## WHAT THE TASK REQUIRES:
A line belongs in the answer only if it contains the word "natrM"; copy every such line from the listing below.

-------

Lemma norm_sum_nat_le (R : numDomainType) (H : nat -> R) (B : R) a b :
  (forall i, (a <= i < b)%N -> `|H i| <= B) ->
  `|\sum_(a <= i < b) H i| <= (b - a)%:R * B.
Proof.
move=> HB; apply: le_trans (ler_norm_sum _ _ _) _.
by rewrite mulr_natl -sumr_const_nat; apply: ler_sum_nat.
Qed.

Lemma norm_sum_cat_le (R : numDomainType) (H : nat -> R) a b c : (a <= b <= c)%N ->
  `|\sum_(a <= i < c) H i| <= `|\sum_(a <= i < b) H i| + `|\sum_(b <= i < c) H i|.
Proof. by case/andP => ab bc; rewrite (big_cat_nat ab bc) ler_normD. Qed.

(* F and G stand for the values of f along the orbits of T y and of y,
   L n = |A_(n+1)| and c n = |C_(n+1)|; F_copies says that along each copy of
   Y_(n+1) inside A_(n+2) the orbit of T y follows that of y up to an error e,
   except in the last K steps of the copy. *)
Section AveragingEstimate.
Variables (R : realType) (F G : nat -> R) (M e : R) (K : nat) (L c : nat -> nat).
Hypothesis F_le : forall i, `|F i| <= M.
Hypothesis G_le : forall i, `|G i| <= M.
Hypothesis L0_gt0 : (0 < L 0)%N.
Hypothesis L_rec : forall n, L n.+1 = (2 * L n + c n + n.+1 * L n ^ 2)%N.
Hypothesis F_copies : forall n j r, (j < L n ^ 2)%N -> (r + K <= n.+1)%N ->
  `|F (L n + c n + j * n.+1 + r)%N - G r| <= e.

Lemma L_gt0 n : (0 < L n)%N.
Proof. by elim: n => // n IH; rewrite L_rec; lia. Qed.

Lemma L_gt n : (n < L n)%N.
Proof. by elim: n => // n IH; rewrite L_rec; lia. Qed.

Lemma M_ge0 : 0 <= M.
Proof. exact: le_trans (normr_ge0 _) (F_le 0). Qed.

Lemma e_ge0 : 0 <= e.
Proof.
apply: le_trans (normr_ge0 _) (F_copies (n := K) (j := 0) (r := 0) _ _) => //.
by rewrite expn_gt0 L_gt0.
Qed.

Lemma copy_sum_le n j : (j < L n ^ 2)%N ->
  `|\sum_(r < n.+1) (F (L n + c n + j * n.+1 + r)%N - G r)|
    <= n.+1%:R * e + K%:R * (2 * M).
Proof.
move=> lt_jL.
rewrite -(big_mkord xpredT (fun r => F (L n + c n + j * n.+1 + r)%N - G r)).
have FG_le r : `|F (L n + c n + j * n.+1 + r)%N - G r| <= 2 * M.
  apply: le_trans (ler_normB _ _) _.
  by move: (F_le (L n + c n + j * n.+1 + r)%N) (G_le r); lra.
apply: le_trans (norm_sum_cat_le _ (_ : 0 <= n.+1 - K <= n.+1)%N) _.
  by rewrite leq_subr.
apply: lerD.
  apply: le_trans (norm_sum_nat_le (B := e) _) _ => [r /andP [_ lt_r]|].
    by apply: F_copies => //; lia.
  by rewrite ler_wpM2r ?e_ge0 // ler_nat; lia.
apply: le_trans (norm_sum_nat_le (B := 2 * M) _) _ => [r _|]; first exact: FG_le.
by rewrite ler_wpM2r ?mulr_ge0 ?M_ge0 // ler_nat; lia.
Qed.

Lemma split_blocks n t : (L n.+1 + c n.+1 <= t < L n.+2)%N ->
  exists J, [/\ (J <= L n.+1 ^ 2)%N, (L n.+1 + c n.+1 + J * n.+2 <= t)%N &
    ((t - (L n.+1 + c n.+1 + J * n.+2)) * n.+1 <= t)%N].
Proof.
set s := (L n.+1 + c n.+1)%N; case/andP => st tL.
have Ln := L_gt n; have Ln1 := L_gt n.+1.
have sq_le m : (L m <= L m ^ 2)%N by rewrite expnS expn1 leq_pmulr // L_gt0.
have nn_t : (n.+1 * n.+1 <= t)%N.
  apply: leq_trans (leq_mul (leqnn _) (leq_trans Ln (sq_le n))) _.
  by apply: leq_trans st; rewrite /s L_rec; lia.
have [le_qL|lt_Lq] := leqP ((t - s) %/ n.+2)%N (L n.+1 ^ 2).
  exists ((t - s) %/ n.+2)%N; split => //.
    by move: (leq_divM (t - s)%N n.+2); lia.
  have := ltn_pmod (t - s)%N (ltn0Sn n.+1); have := divn_eq (t - s)%N n.+2.
  move=> tsE lt_mod; have -> : (t - (s + (t - s) %/ n.+2 * n.+2) = (t - s) %% n.+2)%N by lia.
  by apply: leq_trans nn_t; rewrite leq_mul2r -ltnS lt_mod orbT.
have Lsq_t : (L n.+1 ^ 2 * n.+2 <= t - s)%N by move/ltnW: lt_Lq; rewrite leq_divRL.
exists (L n.+1 ^ 2)%N; split => //; first lia.
have rem_lt : (t - (s + L n.+1 ^ 2 * n.+2) < L n.+1)%N.
  by move: tL; rewrite L_rec /s; lia.
apply: leq_trans (_ : L n.+1 * n.+1 <= _)%N; first by rewrite leq_mul2r ltnW ?orbT.
apply: leq_trans (_ : L n.+1 * L n.+1 <= _)%N; first by rewrite leq_mul2l ltnW ?orbT.
nia.
Qed.

Section Deviation.
Variable nu : R.
Hypothesis nu_le : `|nu| <= M.

Lemma F_dev_le i : `|F i - nu| <= 2 * M.
Proof. by apply: le_trans (ler_normB _ _) _; move: (F_le i) nu_le; lra. Qed.

Lemma blocks_dev_le n J : (J <= L n ^ 2)%N ->
  `|\sum_(L n + c n <= i < L n + c n + J * n.+1) (F i - nu)| <=
  J%:R * (n.+1%:R * e + K%:R * (2 * M) + `|\sum_(r < n.+1) G r - n.+1%:R * nu|).
Proof.
elim: J => [|J IH] le_JL; first by rewrite mul0n addn0 big_geq // normr0 mul0r.
apply: le_trans (norm_sum_cat_le _ (_ : _ <= L n + c n + J * n.+1 <= _)%N) _.
  by rewrite leq_addr leq_add2l leq_mul2r leqnSn orbT.
rewrite -natr1 mulrDl mul1r lerD ?IH 1?ltnW // mulSnr addnA sum_nat_shift.
have -> : \sum_(r < n.+1) (F (L n + c n + J * n.+1 + r)%N - nu) =
    \sum_(r < n.+1) (F (L n + c n + J * n.+1 + r)%N - G r) +
    (\sum_(r < n.+1) G r - n.+1%:R * nu).
  by rewrite !sumrB sumr_const card_ord mulr_natl addrA subrK.
by apply: le_trans (ler_normD _ _) _; rewrite lerD2r copy_sum_le.
Qed.

Lemma level_dev_le n : `|\sum_(r < n.+1) G r - n.+1%:R * nu| <= 2 * M ->
  `|\sum_(0 <= i < L n.+1) (F i - nu)| <=
  (2 * L n + c n)%:R * (2 * M) + (L n ^ 2)%:R * (n.+1%:R * e + K%:R * (2 * M) + 2 * M).
Proof.
move=> G_dev; set s := (L n + c n)%N; set u := (s + L n ^ 2 * n.+1)%N.
have Lu : (L n.+1 - u = L n)%N by rewrite L_rec /u /s; lia.
apply: le_trans (norm_sum_cat_le _ (_ : 0 <= u <= L n.+1)%N) _.
  by rewrite L_rec /u /s; lia.
apply: le_trans (lerD (norm_sum_cat_le _ (_ : 0 <= s <= u)%N) (lexx _)) _.
  by rewrite /u leq_addr.
apply: le_trans (lerD (lerD (norm_sum_cat_le _ (_ : 0 <= L n <= s)%N) (lexx _)) (lexx _)) _.
  by rewrite /s leq_addr.
have crude a b := @norm_sum_nat_le _ (fun i => F i - nu) _ a b (fun i _ => F_dev_le i).
have blocks : `|\sum_(s <= i < u) (F i - nu)| <=
    (L n ^ 2)%:R * (n.+1%:R * e + K%:R * (2 * M) + 2 * M).
  apply: le_trans (blocks_dev_le (leqnn _)) _.
  by rewrite ler_wpM2l // lerD2l.
apply: le_trans (lerD (lerD (lerD (crude _ _) (crude _ _)) blocks) (crude _ _)) _.
rewrite Lu subn0 /s addKn !natrD natrM; lra.
Qed.

Lemma partial_level_dev_le n t : \sum_(r < n.+2) G r = n.+2%:R * nu ->
  (L n.+1 <= t < L n.+2)%N ->
  `|\sum_(L n.+1 <= i < t) (F i - nu)| <=
  (c n.+1)%:R * (2 * M) + t%:R * e + t%:R / n.+1%:R * (K%:R * (2 * M) + 2 * M).
Proof.
move=> G_mean /andP [Lt tL]; set s := (L n.+1 + c n.+1)%N.
have crude a b := @norm_sum_nat_le _ (fun i => F i - nu) _ a b (fun i _ => F_dev_le i).
have M_ge0 := M_ge0; have e_ge0 := e_ge0.
have Q_ge0 : 0 <= t%:R / n.+1%:R :> R by rewrite divr_ge0.
have KM_ge0 : 0 <= K%:R * (2 * M) by rewrite mulr_ge0 ?mulr_ge0.
have [ts|st] := leqP t s.
  apply: le_trans (crude _ _) _; rewrite -addrA; apply: ler_wpDr.
    by rewrite addr_ge0 ?mulr_ge0 // addr_ge0 ?mulr_ge0.
  by rewrite ler_wpM2r ?mulr_ge0 // ler_nat; lia.
have /split_blocks [J [le_JL le_Jt rem_le]] : (s <= t < L n.+2)%N by rewrite ltnW.
set u := (s + J * n.+2)%N in le_Jt rem_le.
apply: le_trans (norm_sum_cat_le _ (_ : L n.+1 <= s <= t)%N) _.
  by rewrite leq_addr ltnW.
apply: le_trans (lerD (lexx _) (norm_sum_cat_le _ (_ : s <= u <= t)%N)) _.
  by rewrite leq_addr le_Jt.
have blocks := blocks_dev_le le_JL; rewrite G_mean subrr normr0 addr0 in blocks.
apply: le_trans (lerD (crude _ _) (lerD blocks (crude _ _))) _.
rewrite /s addKn -addrA lerD2l.
have n1_gt0 : 0 < n.+1%:R :> R by rewrite ltr0n.
have Jp_le : J%:R * n.+2%:R <= t%:R :> R by rewrite -natrM ler_nat; lia.
have J_le : J%:R <= t%:R / n.+1%:R :> R by rewrite ler_pdivlMr // -natrM ler_nat; nia.
have rem_le' : (t - u)%:R <= t%:R / n.+1%:R :> R by rewrite ler_pdivlMr // -natrM ler_nat.
have := ler_wpM2r e_ge0 Jp_le; have := ler_wpM2r KM_ge0 J_le.
have M2_ge0 : 0 <= 2 * M by lra.
have := ler_wpM2r M2_ge0 rem_le'.
by move: (t%:R / n.+1%:R) n.+2%:R => Q p; lra.
Qed.

End Deviation.

Lemma norm_sumG_le m : `|\sum_(i < m) G i| <= m%:R * M.
Proof.
apply: le_trans (ler_norm_sum _ _ _) _.
have -> : m%:R * M = \sum_(i < m) M by rewrite sumr_const card_ord mulr_natl.
by apply: ler_sum => i _; apply: G_le.
Qed.

Lemma mean_le m : `|m%:R^-1 * \sum_(i < m) G i| <= M.
Proof.
case: m => [|m]; first by rewrite big_ord0 mulr0 normr0 M_ge0.
by rewrite normrM ger0_norm // ler_pdivrMl ?ltr0Sn // norm_sumG_le.
Qed.

Lemma mean_prefix_dev_le n :
  `|\sum_(r < n.+1) G r - n.+1%:R * (n.+2%:R^-1 * \sum_(i < n.+2) G i)| <= 2 * M.
Proof.
rewrite [\sum_(i < n.+2) _]big_ord_recr /=; have S_le := norm_sumG_le n.+1; have g_le := G_le n.+1.
move: (\sum_(i < n.+1) G i) (G n.+1) S_le g_le => S g S_le g_le.
have n2E : n.+2%:R = n.+1%:R + 1 :> R by rewrite -natr1.
have n1_ge0 : 0 <= n.+1%:R :> R by [].
have -> : S - n.+1%:R * (n.+2%:R^-1 * (S + g)) = n.+2%:R^-1 * (S - n.+1%:R * g).
  by rewrite n2E; field; apply: lt0r_neq0; have := ler0n R n; lra.
rewrite normrM ger0_norm // ler_pdivrMl ?ltr0Sn //.
apply: le_trans (ler_normB _ _) _; rewrite normrM normr_nat n2E.
have := ler_wpM2l n1_ge0 g_le; have := M_ge0; lra.
Qed.

Lemma ratio_le m t : (L m <= t)%N -> (c m)%:R <= (c m)%:R / (L m)%:R * t%:R :> R.
Proof.
move=> Lmt; have Lm_gt0 : 0 < (L m)%:R :> R by rewrite ltr0n L_gt0.
by rewrite -mulrA ler_peMr // ler_pdivlMl // mulr1 ler_nat.
Qed.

-------

## SOLUTION TO THIS PROBLEM:
rewrite Lu subn0 /s addKn !natrD natrM; lra.
have Jp_le : J%:R * n.+2%:R <= t%:R :> R by rewrite -natrM ler_nat; lia.
have J_le : J%:R <= t%:R / n.+1%:R :> R by rewrite ler_pdivlMr // -natrM ler_nat; nia.
have rem_le' : (t - u)%:R <= t%:R / n.+1%:R :> R by rewrite ler_pdivlMr // -natrM ler_nat.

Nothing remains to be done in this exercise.